== Problem statement ==
Lift out all lines below that contain "into".
--- Supplied material Enclosed Below ---
(* Let $D$ be a digraph with $\chi(D)>\omega$. Then the one-way infinite directed path $\vec P_\omega$ embeds into $D$. Moreover, if $T$ is any orientation of the rooted tree in which every vertex has countably infinitely many children, then $T$ embeds into $D$.
   Context: A digraph is a pair $D=(V,E)$ with $E\subseteq V^2$ such that $uv\in E$ implies $vu\notin E$. The dichromatic number $\chi(D)$ is the minimal number of acyclic vertex sets (sets inducing no directed cycle) needed to cover the vertex set of $D$. Embedding means as a not necessarily induced subdigraph. An orientation of an undirected graph assigns to each edge exactly one direction. *)

From Stdlib Require Import List.

Definition is_digraph {V : Type} (E : V -> V -> Prop) : Prop :=
  forall u v, E u v -> ~ E v u.

Definition has_dicycle_in {V : Type} (E : V -> V -> Prop) (A : V -> Prop) : Prop :=
  exists (n : nat) (c : nat -> V),
    1 <= n /\
    (forall i, i < n -> A (c i)) /\
    (forall i j, i < n -> j < n -> c i = c j -> i = j) /\
    (forall i, S i < n -> E (c i) (c (S i))) /\
    E (c (n - 1)) (c 0).

Definition acyclic_set {V : Type} (E : V -> V -> Prop) (A : V -> Prop) : Prop :=
  ~ has_dicycle_in E A.

(* chi(D) <= omega: V is covered by countably many acyclic sets
   (finitely many can be padded with empty sets). *)
Definition dichromatic_le_omega {V : Type} (E : V -> V -> Prop) : Prop :=
  exists A : nat -> (V -> Prop),
    (forall n, acyclic_set E (A n)) /\ (forall v, exists n, A n v).

Definition dichromatic_gt_omega {V : Type} (E : V -> V -> Prop) : Prop :=
  ~ dichromatic_le_omega E.

Definition ray_embeds {V : Type} (E : V -> V -> Prop) : Prop :=
  exists f : nat -> V,
    (forall i j, f i = f j -> i = j) /\ (forall i, E (f i) (f (S i))).

(* The rooted tree in which every vertex has countably infinitely many
   children: vertices are finite sequences of naturals (root = nil),
   the children of s are (n :: s) for n : nat.
   An orientation o assigns to each edge {s, n :: s} a direction:
   o s n = true means s -> n :: s, false means n :: s -> s. *)
Definition tree_orientation := list nat -> nat -> bool.

Definition tree_arc (o : tree_orientation) (x y : list nat) : Prop :=
  exists s n, (x = s /\ y = n :: s /\ o s n = true) \/
              (x = n :: s /\ y = s /\ o s n = false).

Definition embeds {W V : Type} (F : W -> W -> Prop) (E : V -> V -> Prop) : Prop :=
  exists f : W -> V,
    (forall x y, f x = f y -> x = y) /\ (forall x y, F x y -> E (f x) (f y)).

From Stdlib Require Import List Arith Lia Classical ClassicalEpsilon.
From Stdlib Require Cantor.
From mathcomp Require classical_sets boolp.
Import ListNotations.

(* Call a vertex set Z rich if each of its vertices has infinitely many
   out-neighbours and infinitely many in-neighbours inside Z.  A nonempty rich
   set contains every orientation of the countably branching tree: embed the
   nodes greedily, parents before children, each new node being an unused
   neighbour, in the prescribed direction, of the image of its parent.

   To find a rich set, eliminate vertices one at a time, a vertex only when its
   out- or its in-neighbourhood among the surviving vertices is finite; a
   Zorn-maximal elimination leaves a rich set of survivors.  If nothing
   survives, every finite vertex set contains a vertex v whose neighbourhood
   inside the set (in the direction recorded for v) lies in a fixed finite list
   F v.  Greedy colouring then splits every finite set of vertices with
   |F v| = d into d+1 acyclic sets, compactness extends this to all such
   vertices, and ranging over d gives countably many acyclic sets covering D. *)

Definition incl_set {T : Type} (X Y : T -> Prop) : Prop := forall x, X x -> Y x.

Definition chain {T : Type} (F : (T -> Prop) -> Prop) : Prop :=
  forall X Y, F X -> F Y -> incl_set X Y \/ incl_set Y X.

Definition bigunion {T : Type} (F : (T -> Prop) -> Prop) : T -> Prop :=
  fun x => exists X, F X /\ X x.

Lemma zorn_sets {T : Type} (P : (T -> Prop) -> Prop) :
  (forall F, (forall X, F X -> P X) -> chain F -> P (bigunion F)) ->
  exists M, P M /\ forall N, incl_set M N -> P N -> incl_set N M.
Proof.
  intros Hchain.
  destruct (@classical_sets.Zorn_bigcup T P) as [M [PM Mmax]].
  - intros F FP Ftot.
    replace (classical_sets.bigcup F (fun X => X)) with (bigunion F).
    + apply Hchain; [exact FP|].
      intros X Y FX FY; destruct (Ftot X Y FX FY); [left|right]; assumption.
    + apply boolp.funext; intro x; apply boolp.propext; split.
      * intros [X [FX Xx]]; exists X; assumption.
      * intros [X FX Xx]; exists X; split; assumption.
  - exists M; split; [exact PM|].
    intros N MN PN x Nx; apply NNPP; intro nMx.
    apply (Mmax N); [split; [exact MN|]|exact PN].
    intro NM; exact (nMx (NM x Nx)).
Qed.

Definition finite_set {A : Type} (P : A -> Prop) : Prop :=
  exists L, forall x, P x -> In x L.

Lemma finite_set_sub {A : Type} (P Q : A -> Prop) :
  incl_set Q P -> finite_set P -> finite_set Q.
Proof. intros QP [L HL]; exists L; intros x Qx; exact (HL x (QP x Qx)). Qed.

Lemma finite_set_union {A : Type} (P Q : A -> Prop) :
  finite_set P -> finite_set Q -> finite_set (fun x => P x \/ Q x).
Proof.
  intros [L HL] [K HK]; exists (L ++ K).
  intros x [Px|Qx]; apply in_or_app; auto.
Qed.

Lemma finite_set_eq {A : Type} (a : A) : finite_set (fun x => x = a).
Proof. exists [a]; intros x ->; left; reflexivity. Qed.

Lemma finite_common_witness {A : Type} (B P0 : A -> Prop)
    (Q : nat -> (A -> Prop) -> Prop) (n : nat) :
  (forall k P P', incl_set P P' -> Q k P -> Q k P') ->
  finite_set P0 -> incl_set P0 B ->
  (forall k, k < n -> exists P, finite_set P /\ incl_set P B /\ Q k P) ->
  exists P, finite_set P /\ incl_set P0 P /\ incl_set P B /\
    forall k, k < n -> Q k P.
Proof.
  intros Qmono HP0 P0B; induction n as [|n IH]; intros Hwit.
  - exists P0; split; [exact HP0|split; [intros x Hx; exact Hx|split; [exact P0B|]]].
    intros k Hk; lia.
  - destruct IH as [P1 [HP1 [P0P1 [P1B Q1]]]].
    { intros k Hk; apply Hwit; lia. }
    destruct (Hwit n (Nat.lt_succ_diag_r n)) as [P2 [HP2 [P2B Q2]]].
    exists (fun x => P1 x \/ P2 x); split; [apply finite_set_union; assumption|].
    split; [intros x Hx; left; exact (P0P1 x Hx)|].
    split; [intros x [H|H]; auto|].
    intros k Hk; destruct (Nat.eq_dec k n) as [->|Hkn].
    + apply (Qmono n P2); [intros x Hx; right; exact Hx|exact Q2].
    + apply (Qmono k P1); [intros x Hx; left; exact Hx|apply Q1; lia].
Qed.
--- End of Enclosed Supplied material ---
== Solution for this problem ==
(* Let $D$ be a digraph with $\chi(D)>\omega$. Then the one-way infinite directed path $\vec P_\omega$ embeds into $D$. Moreover, if $T$ is any orientation of the rooted tree in which every vertex has countably infinitely many children, then $T$ embeds into $D$.
   |F v| = d into d+1 acyclic sets, compactness extends this to all such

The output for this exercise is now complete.